Anti-glomerular basement membrane antibody disease is an immunological disorder characterized by the presence of circulating antibodies that act directly against an intrinsic antigen of the glomerular basement membrane, provoking a rapidly progressive glomerulonephritis (RPGN).

Goodpasture’s syndrome (GPS) has generally been used as a synonym for anti-glomerular basement membrane antibody disease, which is characterized by the association of RPGN and alveolar haemorrhage in the presence of anti-basement membrane antibodies (anti-BM Ab). Damage to the central nervous system (CNS) from GPS is quite rare in the absence of anti-neutrophil cytoplasmic antibodies (ANCA), and has only been described in 4 cases in the medical literature.1-4

Here, we present the case of a 20-year-old patient who started out with RPGN, accompanied by haemoptoic sputum and two episodes of generalized tonic-clonic convulsive seizures, with high anti-BM Ab titres.

Clinical case

20-year old man, smoker and former cocaine and cannabis user, who was admitted to the hospital with macroscopic haematuria and acute oliguric renal failure (AORF). 12 days before admission, the patient presented with asthenia, anorexia, vomiting, and dysuria, for which he visited a general practitioner who diagnosed him with a urinary infection and prescribed ciprofloxacin treatment. Four days later, he referred a fever of 38ºC, macroscopic haematuria, and a subjective decrease in diuresis.

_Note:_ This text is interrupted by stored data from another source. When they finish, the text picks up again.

Definition left_fairly_amenable {S : Type} (op : S -> S -> S) : Prop :=
  exists mu, fa_prob_measure mu /\ left_fairly_invariant op mu.

Definition fbounded {S : Type} (f : S -> R) : Prop :=
  exists M, forall x, Rabs (f x) <= M.

Definition lsum {S : Type} (f : S -> R) (l : list S) : R :=
  fold_right (fun t acc => f t + acc) 0 l.

(* (s * f)(x) = sum_{t : s t = x} f t, as an (unordered) sum of non-negative terms:
   L is the supremum of all finite partial sums over distinct t with s t = x.
   Existence of such an L is exactly convergence of the defining sum. *)
Definition conv_sum_is {S : Type} (op : S -> S -> S) (s : S) (f : S -> R) (x : S) (L : R) : Prop :=
  is_lub (fun r => exists l : list S, NoDup l /\ (forall t, In t l -> op s t = x) /\ r = lsum f l) L.

(* Simple functions: finite lists of (coefficient, set), meaning sum_i a_i chi_{A_i}. *)
Definition indic {S : Type} (A : S -> Prop) (x : S) : R :=
  if excluded_middle_informative (A x) then 1 else 0.

Definition simple_eval {S : Type} (h : list (R * (S -> Prop))) (x : S) : R :=
  fold_right (fun p acc => fst p * indic (snd p) x + acc) 0 h.

Definition simple_integral {S : Type} (mu : (S -> Prop) -> R) (h : list (R * (S -> Prop))) : R :=
  fold_right (fun p acc => fst p * mu (snd p) + acc) 0 h.

Definition integral_is {S : Type} (mu : (S -> Prop) -> R) (f : S -> R) (I : R) : Prop :=
  is_lub (fun r => exists h : list (R * (S -> Prop)),
            (forall p, In p h -> 0 <= fst p) /\
            (forall x, simple_eval h x <= f x) /\
            r = simple_integral mu h) I.

(* 1. Simple integrals are monotone (hence well defined): a pointwise inequality
      between simple functions integrates, by splitting along their sets.
   2. Bounded non-negative functions have integrals, and they are approximated
      uniformly from below by simple functions.
   3. Transport: given lists L x of at most N distinct preimages of each x, a
      simple function h is "pushed" to push h with (push h)(x) = sum of h over
      L x.  Split by the position k of t in L (s t), s acts injectively on each
      piece, so by fair invariance push h integrates like h restricted to the
      listed points; also the points with N listed preimages have measure <= 1/N.
   4. ∫ f <= ∫ s*f: a lower sum of f lives (up to eps) on {f >= eps}, where
      every point has fewer than sup(s*f)/eps preimages; push it.
      ∫ s*f <= ∫ f: push a fine lower approximation of f, listing N preimages;
      the error is eps/2 plus sup(s*f) times the measure of the saturated points. *)

From Stdlib Require Import Reals List Lra Lia Classical ClassicalDescription IndefiniteDescription FunctionalExtensionality PropExtensionality.
Import ListNotations.
Open Scope R_scope.

Section SimpleIntegral.

Context {S : Type}.
Variable mu : (S -> Prop) -> R.
Hypothesis Hmu : fa_prob_measure mu.

Lemma mu_ext (A B : S -> Prop) : (forall x, A x <-> B x) -> mu A = mu B.
Proof.
  intro H. f_equal. apply functional_extensionality. intro x.
  apply propositional_extensionality. apply H.
Qed.

Lemma mu_nonneg (A : S -> Prop) : 0 <= mu A.
Proof. apply (proj1 Hmu). Qed.

Lemma mu_split (C B : S -> Prop) :
  mu C = mu (fun x => C x /\ B x) + mu (fun x => C x /\ ~ B x).
Proof.
  destruct Hmu as [_ [_ Hadd]].
  rewrite <- Hadd by (intros x [_ Hb] [_ Hnb]; tauto).
  apply mu_ext. intro x. destruct (classic (B x)); tauto.
Qed.

(* The empty set is null: it is disjoint from itself. *)
Lemma mu_empty (C : S -> Prop) : (forall x, ~ C x) -> mu C = 0.
Proof.
  intro HC. destruct Hmu as [_ [_ Hadd]].
  assert (E : mu (fun x => C x \/ C x) = mu C + mu C)
    by (apply Hadd; intros x Cx _; exact (HC x Cx)).
  rewrite (mu_ext _ C) in E by tauto. lra.
Qed.


Definition restrict (C : S -> Prop) : (S -> Prop) -> R :=
  fun A => mu (fun x => A x /\ C x).

Lemma restrict_split (C B A : S -> Prop) :
  restrict C A = restrict (fun x => C x /\ B x) A + restrict (fun x => C x /\ ~ B x) A.
Proof.
  unfold restrict. rewrite (mu_split (fun x => A x /\ C x) B).
  f_equal; apply mu_ext; tauto.
Qed.

Lemma restrict_all : restrict (fun _ => True) = mu.
Proof.
  apply functional_extensionality. intro A. unfold restrict. apply mu_ext. tauto.
Qed.

End SimpleIntegral.

Lemma indic_in {S : Type} (A : S -> Prop) x : A x -> indic A x = 1.
Proof. intro H. unfold indic. destruct (excluded_middle_informative (A x)); [reflexivity | contradiction]. Qed.

Lemma indic_out {S : Type} (A : S -> Prop) x : ~ A x -> indic A x = 0.
Proof. intro H. unfold indic. destruct (excluded_middle_informative (A x)); [contradiction | reflexivity]. Qed.

Lemma simple_integral_measure_add {S : Type} (nu nu1 nu2 : (S -> Prop) -> R)
  (h : list (R * (S -> Prop))) :
  (forall A, nu A = nu1 A + nu2 A) ->
  simple_integral nu h = simple_integral nu1 h + simple_integral nu2 h.
Proof.
  intro Hnu. induction h as [|[a A] h IH]; simpl; [ring|].
  rewrite IH, Hnu. ring.
Qed.

Lemma simple_eval_app {S : Type} (h1 h2 : list (R * (S -> Prop))) x :
  simple_eval (h1 ++ h2) x = simple_eval h1 x + simple_eval h2 x.
Proof. induction h1 as [|p h1 IH]; simpl; [ring|]. rewrite IH. ring. Qed.

Lemma simple_integral_app {S : Type} mu (h1 h2 : list (R * (S -> Prop))) :
  simple_integral mu (h1 ++ h2) = simple_integral mu h1 + simple_integral mu h2.
Proof. induction h1 as [|p h1 IH]; simpl; [ring|]. rewrite IH. ring. Qed.

Definition simple_neg {S : Type} (h : list (R * (S -> Prop))) : list (R * (S -> Prop)) :=
  map (fun p => (- fst p, snd p)) h.

Lemma simple_eval_neg {S : Type} (h : list (R * (S -> Prop))) x :
  simple_eval (simple_neg h) x = - simple_eval h x.
Proof. induction h as [|p h IH]; simpl; [ring|]. rewrite IH. ring. Qed.

Lemma simple_integral_neg {S : Type} mu (h : list (R * (S -> Prop))) :
  simple_integral mu (simple_neg h) = - simple_integral mu h.
Proof. induction h as [|p h IH]; simpl; [ring|]. rewrite IH. ring. Qed.

Section Comparison.

Context {S : Type}.
Variable mu : (S -> Prop) -> R.
Hypothesis Hmu : fa_prob_measure mu.

Lemma restrict_integral_nonneg (h : list (R * (S -> Prop))) :
  forall C c, (forall x, C x -> 0 <= c + simple_eval h x) ->
  0 <= c * mu C + simple_integral (restrict mu C) h.
Proof.
  induction h as [|[a A] h IH]; intros C c H; simpl.
  - destruct (classic (exists x, C x)) as [[x Cx]|NC].
    + specialize (H x Cx). simpl in H. pose proof (mu_nonneg mu Hmu C). nra.
    + rewrite (mu_empty mu Hmu C) by (intros x Cx; eauto). lra.
  - rewrite (mu_split mu Hmu C A).
    rewrite (simple_integral_measure_add _ _ _ h (restrict_split mu Hmu C A)).
    assert (Hin : 0 <= (c + a) * mu (fun x => C x /\ A x)
                       + simple_integral (restrict mu (fun x => C x /\ A x)) h).
    { apply IH. intros x [Cx Ax]. specialize (H x Cx). simpl in H.
      rewrite indic_in in H by exact Ax. lra. }
    assert (Hout : 0 <= c * mu (fun x => C x /\ ~ A x)
                       + simple_integral (restrict mu (fun x => C x /\ ~ A x)) h).
    { apply IH. intros x [Cx Ax]. specialize (H x Cx). simpl in H.
      rewrite indic_out in H by exact Ax. lra. }
    assert (E : restrict mu C A = mu (fun x => C x /\ A x))
      by (unfold restrict; apply mu_ext; tauto).
    rewrite E. lra.
Qed.

(* Monotonicity of the simple integral (and hence its well-definedness):
   a pointwise inequality up to a constant c integrates, since mu S = 1. *)
Lemma simple_integral_mono (h1 h2 : list (R * (S -> Prop))) (c : R) :
  (forall x, simple_eval h1 x <= simple_eval h2 x + c) ->
  simple_integral mu h1 <= simple_integral mu h2 + c.
Proof.
  intro H.
  pose proof (restrict_integral_nonneg (h2 ++ simple_neg h1) (fun _ => True) c) as K.
  rewrite restrict_all, simple_integral_app, simple_integral_neg in K by exact Hmu.
  rewrite (proj1 (proj2 Hmu)) in K.
  assert (0 <= c * 1 + (simple_integral mu h2 + - simple_integral mu h1)); [|lra].
  apply K. intros x _. rewrite simple_eval_app, simple_eval_neg. specialize (H x). lra.
Qed.

End Comparison.

Lemma simple_eval_nonneg {S : Type} (h : list (R * (S -> Prop))) x :
  (forall p, In p h -> 0 <= fst p) -> 0 <= simple_eval h x.
Proof.
  induction h as [|[a A] h IH]; simpl; intros H; [lra|].
  assert (0 <= a) by exact (H (a, A) (or_introl eq_refl)).
  assert (0 <= simple_eval h x) by (apply IH; auto).
  unfold indic; destruct (excluded_middle_informative (A x)); nra.
Qed.

Definition lower_sums {S : Type} (mu : (S -> Prop) -> R) (g : S -> R) : R -> Prop :=
  fun r => exists h : list (R * (S -> Prop)),
    (forall p, In p h -> 0 <= fst p) /\
    (forall x, simple_eval h x <= g x) /\
    r = simple_integral mu h.

Lemma integral_exists {S : Type} (mu : (S -> Prop) -> R) (Hmu : fa_prob_measure mu)
  (g : S -> R) (B : R) :
  (forall x, 0 <= g x) -> (forall x, g x <= B) -> exists I, integral_is mu g I.
Proof.
  intros Hg0 HgB.
  assert (Hbound : bound (lower_sums mu g)).
  { exists B. intros r [h [_ [Hh ->]]].
    pose proof (simple_integral_mono mu Hmu h [] B) as K. simpl in K.
    rewrite Rplus_0_l in K. apply K. intro x. simpl. specialize (Hh x). specialize (HgB x). lra. }
  assert (Hne : exists r, lower_sums mu g r).
  { exists 0, []. repeat split; simpl; auto; tauto. }
  destruct (completeness _ Hbound Hne) as [I HI]. exists I. exact HI.
Qed.

Lemma integral_le {S : Type} (mu : (S -> Prop) -> R) (g1 : S -> R) (I1 I2 : R) :
  integral_is mu g1 I1 ->
  (forall eps, 0 < eps -> forall h, (forall p, In p h -> 0 <= fst p) ->
     (forall x, simple_eval h x <= g1 x) -> simple_integral mu h <= I2 + eps) ->
  I1 <= I2.
Proof.
  intros [_ Hlub] Hsmall. apply Rle_plus_epsilon. intros eps Heps.
  apply Hlub. intros r [h [Hc [Hh ->]]]. exact (Hsmall eps Heps h Hc Hh).
Qed.

(* Uniform approximation from below by simple functions with non-negative
   coefficients: peel off layers of height eps. *)
Lemma simple_approx_layers {S : Type} (eps : R) (Heps : 0 < eps) (K : nat) :
  forall g : S -> R, (forall x, 0 <= g x <= INR K * eps) ->
  exists h, (forall p, In p h -> 0 <= fst p) /\
            (forall x, simple_eval h x <= g x) /\
            (forall x, g x <= simple_eval h x + eps).
Proof.
  induction K as [|K IH]; intros g Hg.
  - exists []. simpl. split; [tauto|]. split; intro x; specialize (Hg x); simpl in Hg; lra.
  - set (g' := fun x => if Rle_dec eps (g x) then g x - eps else 0).
    destruct (IH g') as [h' [Hc [Hle Hge]]].
    { intro x. unfold g'. pose proof (pos_INR K). specialize (Hg x). rewrite S_INR in Hg.
      destruct Rle_dec; split; nra. }
    exists ((eps, fun x => eps <= g x) :: h'). split; [|split]; [| intro x; simpl ..].
    + intros p [<-|Hp]; simpl; [lra | auto].
    + specialize (Hle x). unfold g' in Hle. destruct (Rle_dec eps (g x)).
      * rewrite indic_in by auto. lra.
      * rewrite indic_out by auto. specialize (Hg x). lra.
    + specialize (Hge x). unfold g' in Hge. destruct (Rle_dec eps (g x)).
      * rewrite indic_in by auto. lra.
      * rewrite indic_out by auto. pose proof (simple_eval_nonneg h' x Hc). lra.
Qed.

Lemma large_nat (a eps : R) : 0 < eps -> exists N : nat, 0 < INR N /\ a <= INR N * eps.
Proof.
  intro Heps. destruct (INR_unbounded (Rmax 1 (a / eps))) as [N HN].
  pose proof (Rmax_l 1 (a / eps)). pose proof (Rmax_r 1 (a / eps)).
  exists N. split; [lra|].
  replace a with (a / eps * eps) by (field; lra). apply Rmult_le_compat_r; lra.
Qed.

Lemma simple_approx {S : Type} (g : S -> R) (M eps : R) :
  0 < eps -> (forall x, 0 <= g x <= M) ->
  exists h, (forall p, In p h -> 0 <= fst p) /\
            (forall x, simple_eval h x <= g x) /\
            (forall x, g x <= simple_eval h x + eps).
Proof.
  intros Heps Hg. destruct (large_nat M eps Heps) as [K [_ HK]].
  apply (simple_approx_layers eps Heps K). intro x. specialize (Hg x). lra.
Qed.

Fixpoint sum_below (n : nat) (F : nat -> R) : R :=
  match n with O => 0 | S n' => F O + sum_below n' (fun k => F (S k)) end.

Fixpoint concat_below {X : Type} (n : nat) (G : nat -> list X) : list X :=
  match n with O => [] | S n' => G O ++ concat_below n' (fun k => G (S k)) end.

Lemma sum_below_ext (n : nat) :
  forall F G, (forall k, (k < n)%nat -> F k = G k) -> sum_below n F = sum_below n G.
Proof.
  induction n as [|n IH]; intros F G H; simpl; auto.
  rewrite (H 0%nat) by lia. f_equal. apply IH. intros k Hk. apply H. lia.
Qed.

Lemma sum_below_zero (n : nat) : forall F, (forall k, F k = 0) -> sum_below n F = 0.
Proof. induction n as [|n IH]; intros F H; simpl; auto. rewrite H, IH; auto. ring. Qed.

Lemma sum_below_mult_r (n : nat) : forall F c,
  sum_below n (fun k => F k * c) = sum_below n F * c.
Proof. induction n as [|n IH]; intros F c; simpl; [ring|]. rewrite IH. ring. Qed.

Lemma simple_eval_concat {T : Type} (n : nat) :
  forall (G : nat -> list (R * (T -> Prop))) x,
  simple_eval (concat_below n G) x = sum_below n (fun k => simple_eval (G k) x).
Proof. induction n as [|n IH]; intros; simpl; auto. rewrite simple_eval_app, IH. reflexivity. Qed.

Lemma simple_integral_concat {T : Type} mu (n : nat) :
  forall (G : nat -> list (R * (T -> Prop))),
  simple_integral mu (concat_below n G) = sum_below n (fun k => simple_integral mu (G k)).
Proof. induction n as [|n IH]; intros; simpl; auto. rewrite simple_integral_app, IH. reflexivity. Qed.

Lemma concat_nonneg_coefs {T : Type} (n : nat) :
  forall (G : nat -> list (R * (T -> Prop))),
  (forall k p, In p (G k) -> 0 <= fst p) -> forall p, In p (concat_below n G) -> 0 <= fst p.
Proof.
  induction n as [|n IH]; intros G H p Hp; simpl in Hp; [tauto|].
  apply in_app_iff in Hp. destruct Hp as [Hp|Hp]; [exact (H 0%nat p Hp)|].
  exact (IH (fun k => G (S k)) (fun k => H (S k)) p Hp).
Qed.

The physical examination revealed the following: blood pressure: 140/90 mmHg, temperature: 37 ºC. Deteriorated general health, pallor of skin and mucosae, and bibasal hypoventilation. Upon admission, AORF was observed, requiring haemodialysis during the first 24 hours. 48 hours later, the patient presented haemoptoic sputum, followed by two episodes of generalised tonic-clonic convulsive seizures.

The laboratory results from the time of admission revealed: haematocrit, 25.5%, haemoglobin, 8.9 g/L, leukocytes, 16,700/mm3, platelets, 344,000/mm3, ESR, 96 mm/h, creatinine, 11.8 mg/dL, BUN, 90 mg/dL, glucose, 97 mg/dL, total protein, 5.3 g/dL, albumin, 4.5 g/dL, calcium, 8.2 mg/dL, sodium, 134 mEq/L, potassium, 5.2 mEq/L. Proteinogram, immunoglobulins, and kappa/lambda light chains were normal. Serology for hepatotropic virus, HIV, and liver function tests revealed no abnormalities. Blood and urine toxin screens, including tests for cocaine metabolites, were negative. The immunological study, which consisted of ANA, ANCA, antiphospholipid and anticardiolipin Ab, and complement levels were all negative. However, anti-BM Ab were positive (72.5 ug/mL, normal range <10 U). The urine analysis (24 hrs) revealed a proteinuria of 850 mg. An intense haematuria in the urine sediments was also observed. The chest radiograph showed bilateral alveolar/interstitial infiltrates, indicative of alveolar haemorrhage. The renal ultrasound revealed normal sized kidneys with increased cortical echogenicity. The electroencephalogram, cerebral magnetic nuclear resonance (NMR) and the cerebral angio-NMR were all normal.

Four days after the patient was admitted, we performed a percoetaneous renal biopsy, in which we observed an extracapillary glomerulonephritis (100% of crescents), with collapsed glomerular tufts, areas of fibrinoid necrosis, moderate inflammatory infiltration and incipient interstitial fibrosis and tubular atrophy (Figure 1). The immunofluorescence scan showed linear deposits of immunoglobulin G (IgG) along the glomerular basement membrane.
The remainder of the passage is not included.